Submitted:	2001-02-12 10:36 UTC	Modified:	2001-03-18 03:10 UTC
From:	wmartino at webmachines dot com	Assigned:
Status:	Closed	Package:	Reproducible Crash
PHP Version:	4.0.4pl1	OS:	Redhat Linux 6.2
Private report:	No	CVE-ID:	None

View Add Comment Developer Edit

[2001-02-12 10:36 UTC] wmartino at webmachines dot com

I am running php 4.04pl1 compiled as an apache 1.3  module with support for curl, pgsql, and zlib.  It seems that the module crashes, causing httpd processes to seg fault when a POST request is made without a content-type header.  To reproduce the crash, I simply make a POST request to a php script that does pretty much nothing( usually just printing
a statement indicating that it ran ) with a browser(Netscape 4.6.2) and then run a program that I wrote that sends a POST request w/o the Content-Type header.  Sometimes this step must be done several times until the same apache child process that you hit with the browser receives your request.  Eventually, after running this program for a while one apache child process dies for each hit from the browser.  This only occurse with php scripts and apache does not give me a core dump that i can analyze to give you more info.

Patches

Add a Patch

Pull Requests

Add a Pull Request

History

AllCommentsChangesGit/SVN commitsRelated reports

[2001-02-12 10:49 UTC] wmartino at webmachines dot com

I am running php 4.04pl1 compiled as an apache 1.3  module with support for curl, pgsql, and zlib.  It seems that the module crashes, causing httpd processes to seg fault when a POST request is made without a content-type header.  It seems that the crash only occurs after a normal POST with a content-type header is followed by one without.  To reproduce the crash, I simply make a POST request to a php script that does pretty much nothing( usually just printing a statement indicating that it ran ) with a browser(Netscape 4.6.2 or lynx-2.82.) and then run a program that I wrote that sends a POST request w/o the Content-Type header.  Sometimes this step must be done several times until the same apache child process that I hit with the browser receives the bad request.  Eventually, after running this program for a while one apache child process dies for each hit I made from the browser.  This only occurs with php scripts and apache does not give me a core dump that i can analyze to give you more info.
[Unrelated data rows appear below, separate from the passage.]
(* (1) For $1\le k\le m-1$, the map $\psi_k:A_k\to(A_0)^{p^k}$, $f\mapsto\big(f(\chi_1\xi_m,\dots,\chi_k\xi_m)\big)_{(\chi_1,\dots,\chi_k)\in\mu_p^k}$, is homogeneous and injective. (2) The image of $M_m=\xi_m^p-\big(\sum_{j=1}^m z_j\xi_j\big)^p$ in $A_{m-1}$ is a non-zero divisor; i.e. multiplication by $M_m$ is an injective homogeneous $A$-linear map $A_{m-1}\to A_{m-1}$ of degree $p$. Consequently $M_1,\dots,M_m$ form a regular sequence in $A[\xi_1,\dots,\xi_m]$.
   Context: $\mu_p=\{\zeta_p^j\mid 0\le j\le p-1\}$, $\zeta_p=e^{2\pi\sqrt{-1}/p}$. $A=\mathbb C[z_1^{\pm1},\dots,z_m^{\pm1},1/R(z)]$ with $R(z)=\prod_{(i_1,\dots,i_m)\in\{1,\dots,p\}^m}(1-\zeta_p^{i_1}z_1-\cdots-\zeta_p^{i_m}z_m)$. $M_k=\xi_k^p-\xi_m^p$ for $1\le k\le m-1$; $A_0=A[\xi_m]$, $A_k=A[\xi_m,\xi_1,\dots,\xi_k]/(M_1,\dots,M_k)$, graded by total degree in the $\xi$'s. *)

From HB Require Import structures.
From mathcomp Require Import all_boot all_order all_algebra.
From mathcomp Require Import complex Rstruct mpoly fraction.
From Stdlib Require Import Rdefinitions Rtrigo_def Rtrigo1.

Set Implicit Arguments.
Unset Strict Implicit.
Unset Printing Implicit Defensive.

Import Order.TTheory GRing.Theory Num.Theory.
Local Open Scope ring_scope.
Local Notation "x %:F" := (@FracField.tofrac _ x).

Definition CC : numClosedFieldType := complex Rdefinitions.R.
Lemma cgl_shift_block m k (K1 : 'M[F]_m) R C (B : 'M[F]_k) :
  cgl_shift K1 -> cgl_shift B -> cgl_shift (block_mx K1 R C B).
Proof.
by case=> X1 cX1 uX1 sB; apply: (cgl_shift_schur C cX1 uX1 (W := 0)); rewrite mul0mx subr0.
Qed.

Lemma cgl_shift_add m k :
  (forall K : 'M[F]_m, cgl_shift K) -> (forall K : 'M[F]_k, cgl_shift K) ->
  forall K : 'M[F]_(m + k), cgl_shift K.
Proof. by move=> sm sk K; rewrite -[K]submxK; apply: cgl_shift_block. Qed.

Lemma scalar_mx_unit n (a : F) : a != 0 -> (a%:M : 'M[F]_n) \in unitmx.
Proof. by move=> a0; rewrite unitmxE det_scalar unitrX ?unitfE. Qed.

Lemma cgl_shift_scalar n (c : F) :
  2%:R != 0 :> F -> 1 + c != 0 -> cgl_shift (c%:M : 'M[F]_n).
Proof.
move=> two0 c1; exists 1%:M; last by rewrite -raddfD /= scalar_mx_unit.
by rewrite /cglmx -raddfD /= !scalar_mx_unit ?oner_neq0.
Qed.

Lemma mxtrace_mul_surj m k (R : 'M[F]_(m, k)) (t : F) :
  R != 0 -> exists W : 'M[F]_(k, m), \tr (W *m R) = t.
Proof.
rewrite matrix_eq0 => /forallPn[i /forallPn[j /negbTE Rij]].
exists ((t / R i j) *: delta_mx j i); rewrite -scalemxAl mxtraceZ.
rewrite /mxtrace (bigD1 j) //= big1 => [|l /negbTE jl]; rewrite !mxE.
  rewrite (bigD1 i) //= big1 => [|l /negbTE li]; last by rewrite !mxE li andbF mul0r.
  by rewrite !mxE !eqxx mul1r !addr0 divfK ?Rij.
by rewrite big1 // => l' _; rewrite mxE jl mul0r.
Qed.

Lemma conj_block_upper m k (E : 'M[F]_(m, k)) K1 R C B :
  block_mx 1%:M E 0 1%:M *m block_mx K1 R C B *m block_mx 1%:M (- E) 0 1%:M =
  block_mx (K1 + E *m C) (R + E *m B - (K1 + E *m C) *m E) C (B - C *m E).
Proof.
by rewrite !mulmx_block !mul1mx !mul0mx !mulmx1 !mulmx0 !add0r !addr0 !mulmxN !(addrC (- _)).
Qed.

Lemma cgl_shift_conj_upper m k (E : 'M[F]_(m, k)) K1 R C B :
  cgl_shift (block_mx (K1 + E *m C) (R + E *m B - (K1 + E *m C) *m E) C (B - C *m E)) ->
  cgl_shift (block_mx K1 R C B).
Proof.
rewrite -conj_block_upper; apply: cgl_shift_conj.
by rewrite mulmx_block !mul1mx !mul0mx !mulmx1 !mulmx0 !add0r addr0 subrr -scalar_mx_block.
Qed.

(* When R = C = 0 and B is not a cgl_shift, the conjugation by [1 E; 0 1] creates the
   nonzero upper right block E B - K1 E. *)
Lemma cgl_shift_corner m k (K1 : 'M[F]_m) R C (B : 'M[F]_k) :
  (forall (B' : 'M[F]_k) (R' : 'M[F]_(m, k)), R' != 0 -> exists W, cgl_shift (B' - W *m R')) ->
  cgl_shift K1 ->
  (R = 0 -> C = 0 -> cgl_shift B \/ exists E, E *m B != K1 *m E) ->
  cgl_shift (block_mx K1 R C B).
Proof.
move=> corner [X1 cX1 uX1] diag_case.
have R_case R' C' : R' != 0 -> cgl_shift (block_mx K1 R' C' B).
  by move=> /(corner B) [W sW]; apply: cgl_shift_schur cX1 uX1 sW.
have [R0|] := eqVneq R 0; last exact: R_case.
have [C0|C_nz] := eqVneq C 0; last first.
  apply: cgl_shift_tr; rewrite tr_block_mx.
  have [W sW] : exists W, cgl_shift (B^T - W *m C^T) by apply: corner; rewrite trmx_eq0.
  by apply: (cgl_shift_schur _ (X1 := X1^T) _ _ sW); rewrite ?cglmx_tr // -linearD /= unitmx_tr.
have [sB|[E nE]] := diag_case R0 C0.
  by rewrite R0 C0; apply: cgl_shift_block => //; exists X1.
rewrite R0 C0; apply: (cgl_shift_conj_upper (E := E)); rewrite !mul0mx mulmx0 addr0 subr0 add0r.
by apply: R_case; rewrite subr_eq0.
Qed.

End CglShift.

Lemma intertwiner_scalar (R : pzRingType) m k (A : 'M[R]_m) (B : 'M[R]_k) (i : 'I_m) (j : 'I_k) :
  (forall E : 'M_(m, k), E *m B = A *m E) -> A = (B j j)%:M /\ B = (A i i)%:M.
Proof.
have delta_mulE m' n p (a : 'I_m') (b : 'I_n) (M : 'M[R]_(n, p)) r c :
    (delta_mx a b *m M) r c = (r == a)%:R * M b c.
  rewrite mxE (bigD1 b) //= big1 => [|l /negbTE lb]; last by rewrite mxE lb andbF mul0r.
  by rewrite mxE eqxx andbT addr0.
have mul_deltaE m' n p (M : 'M[R]_(m', n)) (a : 'I_n) (b : 'I_p) r c :
    (M *m delta_mx a b) r c = M r a * (c == b)%:R.
  rewrite mxE (bigD1 a) //= big1 => [|l /negbTE la]; last by rewrite mxE la mulr0.
  by rewrite mxE eqxx addr0.
move=> intw; split; apply/matrixP => r c; rewrite mxE.
- have := congr1 (fun M : 'M[R]_(m, k) => M r j) (intw (delta_mx c j)).
  by rewrite delta_mulE mul_deltaE eqxx mulr1 mulr_natl => <-.
- have := congr1 (fun M : 'M[R]_(m, k) => M i c) (intw (delta_mx i r)).
  by rewrite delta_mulE mul_deltaE eqxx mul1r mulr_natr eq_sym.
Qed.

Definition sumL (R : nmodType) (F : nat -> R) n := foldr (fun j s => F j + s) 0 (iota 0 n).

Lemma sumLE (R : nmodType) (F : nat -> R) n : sumL F n = \sum_(j < n) F j.
Proof.
rewrite /sumL -(big_mkord xpredT) /index_iota subn0.
by elim: (iota 0 n) => [|j s IH]; rewrite ?big_nil ?big_cons /= ?IH.
Qed.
[2001-03-01 22:23 UTC] sniper@php.net

Check this url for information how to generate a GDB backtrace:

http://bugs.php.net/bugs-generating-backtrace.php

(It has info what to do when you don't get any core dumps)

Also, remember that you have to configure PHP with --enable-debug
to get useful backtraces.

--Jani

[2001-03-02 08:53 UTC] wmartino at webmachines dot com

Here is the backtrace that I got by running httpd under gdb:

Program received signal SIGSEGV, Segmentation fault.
php_std_post_handler (content_type_dup=0x0, arg=0x80e1e74) at /usr/local/include/bits/string2.h:1051
1051      while (*__s == __sep)
(gdb) bt
#0  php_std_post_handler (content_type_dup=0x0, arg=0x80e1e74) at /usr/local/include/bits/string2.h:1051
#1  0x4047f430 in sapi_handle_post (arg=0x80e1e74) at SAPI.c:101
#2  0x40482a38 in php_treat_data (arg=0, str=0x0, destArray=0x0) at php_variables.c:251
#3  0x4047d062 in php_hash_environment () at main.c:1039
#4  0x4047c7c4 in php_request_startup () at main.c:645
#5  0x40479aec in apache_php_module_main (r=0x8052210, display_source_mode=0) at sapi_apache.c:66
#6  0x4047a581 in send_php (r=0x8052210, display_source_mode=0, filename=0x0) at mod_php4.c:516
#7  0x4047a5c6 in send_parsed_php (r=0x8052210) at mod_php4.c:527
#8  0x400252b9 in __bam_rsearch (dbp=0x8052210, recnop=0x4007bab0, flags=3221223944, stop=1073991020, exactp=0x40085130)
    at btree/bt_rsearch.c:235
#9  0x4003d353 in __ham_newpage_recover (logp=0x8052210, dbtp=0x1, lsnp=0x0, redo=1073992604, info=0x40085130)
    at hash/hash_rec.c:279
#10 0x4003d3d0 in __ham_newpage_recover (logp=0x8052210, dbtp=0x4, lsnp=0x8052210, redo=1073950625, info=0x40085130)
    at hash/hash_rec.c:295
#11 0x40032f23 in __db_big_recover (logp=0x0, dbtp=0x400310f8, lsnp=0x0, redo=1073950904, info=0x40085130) at db/db_rec.c:306
#12 0x4003313a in __db_ovref_recover (logp=0x804e1e0, dbtp=0x0, lsnp=0x3a9f9ddf, redo=1073951340, info=0x40085130)
    at db/db_rec.c:360
#13 0x400332e7 in __db_relink_recover (logp=0x5, dbtp=0x804e1e0, lsnp=0xbffffb38, redo=1073953267, info=0x40085130)
    at db/db_rec.c:407
#14 0x40033a50 in __db_rattach (infop=0x2) from /lib/libdb.so.3
#15 0x40034493 in __db_rgrow (infop=0x2, new_size=3221224484) at common/db_region.c:735
#16 0x8049476 in ap_gcvt ()
#17 0x401421eb in __fgetgrent_r (stream=0x8049454, resbuf=0x2, buffer=0xbffffc24 "0???N???", buflen=134517128,
    result=0x804a614) at fgetgrent_r.c:72

[2001-03-07 08:15 UTC] wmartino at webmachines dot com

Here is my php.ini file:

max_execution_time = 300     
include_path="." 
zend_extension="/usr/local/Zend/ZendDebugger.so"         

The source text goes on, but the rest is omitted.